◆ **Activity**: Your answer should be the exact lines of the data below from the one containing "pile (y :: w)" through the one containing "pile (rcons u"; please include nothing else.
::: Task input
Lemma size_reduced_weq r s : reduced r -> reduced s -> weq r s -> size r = size s.
Proof.
by move=> r_red s_red rs; rewrite (size_reduced s_red rs) (size_reduced r_red (weq_refl r)).
Qed.

Lemma reduced_cat_geodesic w1 w2 r1 r2 : wlen (w1 ++ w2) = wlen w1 + wlen w2 ->
  weq w1 r1 -> reduced r1 -> weq w2 r2 -> reduced r2 -> reduced (r1 ++ r2).
Proof.
move=> geo w1r1 r1_red w2r2 r2_red; apply: (reduced_wlen (weq_cat w1r1 w2r2)).
by rewrite size_cat geo (size_reduced r1_red w1r1) (size_reduced r2_red w2r2).
Qed.

Definition on_pile (a : T) (y : letter) := (y.1 == a) || e y.1 a.

Definition off_pile (a : T) : pred letter := fun y => ~~ on_pile a y.

Definition token (a : T) (y : letter) : option bool :=
  if y.1 == a then Some y.2 else None.

Definition pile (w : word) (a : T) : seq (option bool) :=
  [seq token a y | y <- w & on_pile a y].

Lemma off_pile_commute a w : all (off_pile a) w -> all (fun y : letter => ~~ e y.1 a) w.
Proof. by apply: sub_all => y; rewrite /off_pile /on_pile negb_or => /andP []. Qed.

Lemma pile_cons y w a :
  pile (y :: w) a = if on_pile a y then token a y :: pile w a else pile w a.
Proof. by rewrite /pile /=; case: ifP. Qed.

Lemma pile_cat u v a : pile (u ++ v) a = pile u a ++ pile v a.
Proof. by rewrite /pile filter_cat map_cat. Qed.

Lemma pile_rcons u x a :
  pile (rcons u x) a = if on_pile a x then rcons (pile u a) (token a x) else pile u a.
Proof. by rewrite /pile filter_rcons; case: ifP; rewrite ?map_rcons. Qed.

Lemma pile_nil w a : (pile w a == [::]) = all (off_pile a) w.
Proof. by rewrite /pile -size_eq0 size_map size_eq0 -[LHS]negbK -has_filter -all_predC. Qed.

Lemma mem_pile w a : (a \in map fst w) = has isSome (pile w a).
Proof.
elim: w => [//|y w IH]; rewrite pile_cons /= in_cons IH /on_pile /token.
case: (eqVneq y.1 a) => [//|_] /=.
by case: (e y.1 a).
Qed.

Lemma pile_last_Some w a b : last None (pile w a) = Some b ->
  exists w1 w2, w = w1 ++ (a, b) :: w2 /\ all (off_pile a) w2.
Proof.
elim/last_ind: w => [//|w y IH]; rewrite pile_rcons.
case y_on: (on_pile a y).
  rewrite last_rcons /token; case: eqP => // <- [<-].
  by exists w, [::]; rewrite cats1; case: y {y_on}.
case/IH => w1 [w2 [-> w2_off]]; exists w1, (rcons w2 y).
by rewrite rcons_cat all_rcons /off_pile y_on.
Qed.

Lemma pile_head_Some w a b s : pile w a = Some b :: s ->
  exists w1 w2, w = w1 ++ (a, b) :: w2 /\ all (off_pile a) w1.
Proof.
elim: w => [//|y w IH]; rewrite pile_cons.
case y_on: (on_pile a y).
  rewrite /token; case: eqP => // <- [<-] _.
  by exists [::], w; case: y {y_on}.
case/IH => w1 [w2 [-> w1_off]]; exists (y :: w1), w2.
by rewrite /= /off_pile y_on.
Qed.

(* The pile at [c] consists of blanks only. *)
Lemma pile_off_blank w a c : all (off_pile a) w -> e c a ->
  rcons (pile w c) None = None :: pile w c.
Proof.
move=> + eca; elim: w => [//|y w IH] /= /andP [y_off /IH {}IH].
rewrite pile_cons; case: ifP => // _; rewrite /token; case: eqP => [yc|_].
  by move: y_off; rewrite /off_pile /on_pile yc eca orbT.
by rewrite rcons_cons IH.
Qed.

Lemma pile_top_blank u a b c : last None (pile u a) = Some b -> e a c ->
  exists s, pile u c = rcons s None.
Proof.
move=> /pile_last_Some [u1 [u2 [-> u2_off]]] eac.
have eca : e c a by rewrite e_sym.
have tok : token c (a, b) = None.
  by rewrite /token /=; case: eqP => // ac; move: eac; rewrite ac e_irr.
rewrite pile_cat pile_cons /on_pile /= eac orbT tok.
by rewrite -(pile_off_blank u2_off eca) -rcons_cat; eexists.
Qed.

Definition piles := T -> seq (option bool).

Definition pop (s : seq (option bool)) := take (size s).-1 s.

(* A letter cancels iff the top of its own pile is its inverse; the blanks the cancelled letter
   left on the neighbouring piles are then on top there too (wf_top_blank) and are popped. *)
Definition pile_step (st : piles) (x : letter) : piles := fun a =>
  if on_pile a x then
    if last None (st x.1) == Some (~~ x.2) then pop (st a) else rcons (st a) (token a x)
  else st a.

Definition piling (w : word) : piles := foldl pile_step (fun=> [::]) w.

Definition cancel_free (s : seq (option bool)) :=
  forall s1 s2 b, s <> s1 ++ [:: Some b, Some (~~ b) & s2].

Definition wf_piles (st : piles) :=
  (exists u, st = pile u) /\ forall a, cancel_free (st a).

Lemma pop_rcons s z : pop (rcons s z) = s.
Proof. by rewrite /pop size_rcons -cats1 take_size_cat. Qed.

Lemma cancel_free_rcons s z : cancel_free s ->
  (forall b, last None s = Some b -> z <> Some (~~ b)) -> cancel_free (rcons s z).
Proof.
move=> s_free z_ok s1 s2 b; case/lastP: s2 => [|s2 y].
  have -> : s1 ++ [:: Some b; Some (~~ b)] = rcons (rcons s1 (Some b)) (Some (~~ b)).
    by rewrite -!cats1 -catA.
  by move/rcons_inj => [s_eq /(z_ok b)]; apply; rewrite s_eq last_rcons.
by rewrite -rcons_cons -rcons_cons -rcons_cat => /rcons_inj [/s_free].
Qed.
(* Let $k\ge 3$, $K=\{1,\dots,k\}$, $T\subseteq K$ with $|T|=2$, and let $\bm v_1$ be a point of $PG(k-1,q)$ with $\mathrm{supp}(\bm v_1)\cap T=\emptyset$; set $\mathcal V=\{\bm v_1\}$ and $M=X^T\cup Y^T_{\mathcal V}\cup Z^T$. Let $C$ be the code over $\mathbb{F}_q$ with generator matrix $G$ whose columns are representing vectors of the points of $M$, one for each point. Then $C$ is an $[|M|,k]$ code with $d(C^\perp)=3$ and $\gamma(C)=k-1=k-d(C^\perp)+2$.
   Context: Points of $PG(k-1,q)$ are one-dimensional subspaces of $\mathbb{F}_q^k$, identified with any nonzero representing vector; the support $\mathrm{supp}(\bm x)=\{i:x_i\neq0\}$ of a point is well defined. $\bm e_i$ denotes the $i$-th standard unit vector of $\mathbb{F}_q^k$. Define $X^T=\{\bm x\in PG(k-1,q): \mathrm{supp}(\bm x)\cap T=\emptyset\}$; $Y^T_{\mathcal V}=\{\bm x\in PG(k-1,q): |\mathrm{supp}(\bm x)\cap T|=1\}$ minus all points represented by $\bm v_i+\lambda\bm e_j$ with $\bm v_i\in\mathcal V$, $j\in T$, $\lambda\in\mathbb{F}_q\setminus\{0\}$; $Z^T=\{\bm x\in PG(k-1,q): \mathrm{supp}(\bm x)\text{ is a 2-element subset of }T\}$. An $[n,k]$ code over $\mathbb{F}_q$ is a $k$-dimensional subspace $C\subseteq\mathbb{F}_q^n$; $E=\{1,\dots,n\}$; for $B\subseteq\mathbb{F}_q^n$, $\mathrm{Supp}(B)=\bigcup_{\bm x\in B}\mathrm{supp}(\bm x)$. $C^\perp$ is the dual code with respect to the standard inner product and $d(C^\perp)$ is the minimum weight (number of nonzero coordinates) of a nonzero codeword of $C^\perp$. The covering dimension is $\gamma(C)=\infty$ if $\mathrm{Supp}(C)\neq E$, and otherwise $\gamma(C)$ is the least positive integer $r$ such that $C$ has an $r$-dimensional subspace $D$ with $\mathrm{Supp}(D)=E$. *)

From HB Require Import structures.
From mathcomp Require Import all_boot all_order all_algebra.
Set Implicit Arguments. Unset Strict Implicit. Unset Printing Implicit Defensive.
Import GRing.Theory.
Local Open Scope ring_scope.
::::::
◆ **Answer to this exercise**:
  pile (y :: w) a = if on_pile a y then token a y :: pile w a else pile w a.
Proof. by rewrite /pile /=; case: ifP. Qed.

Lemma pile_cat u v a : pile (u ++ v) a = pile u a ++ pile v a.
Proof. by rewrite /pile filter_cat map_cat. Qed.

Lemma pile_rcons u x a :
  pile (rcons u x) a = if on_pile a x then rcons (pile u a) (token a x) else pile u a.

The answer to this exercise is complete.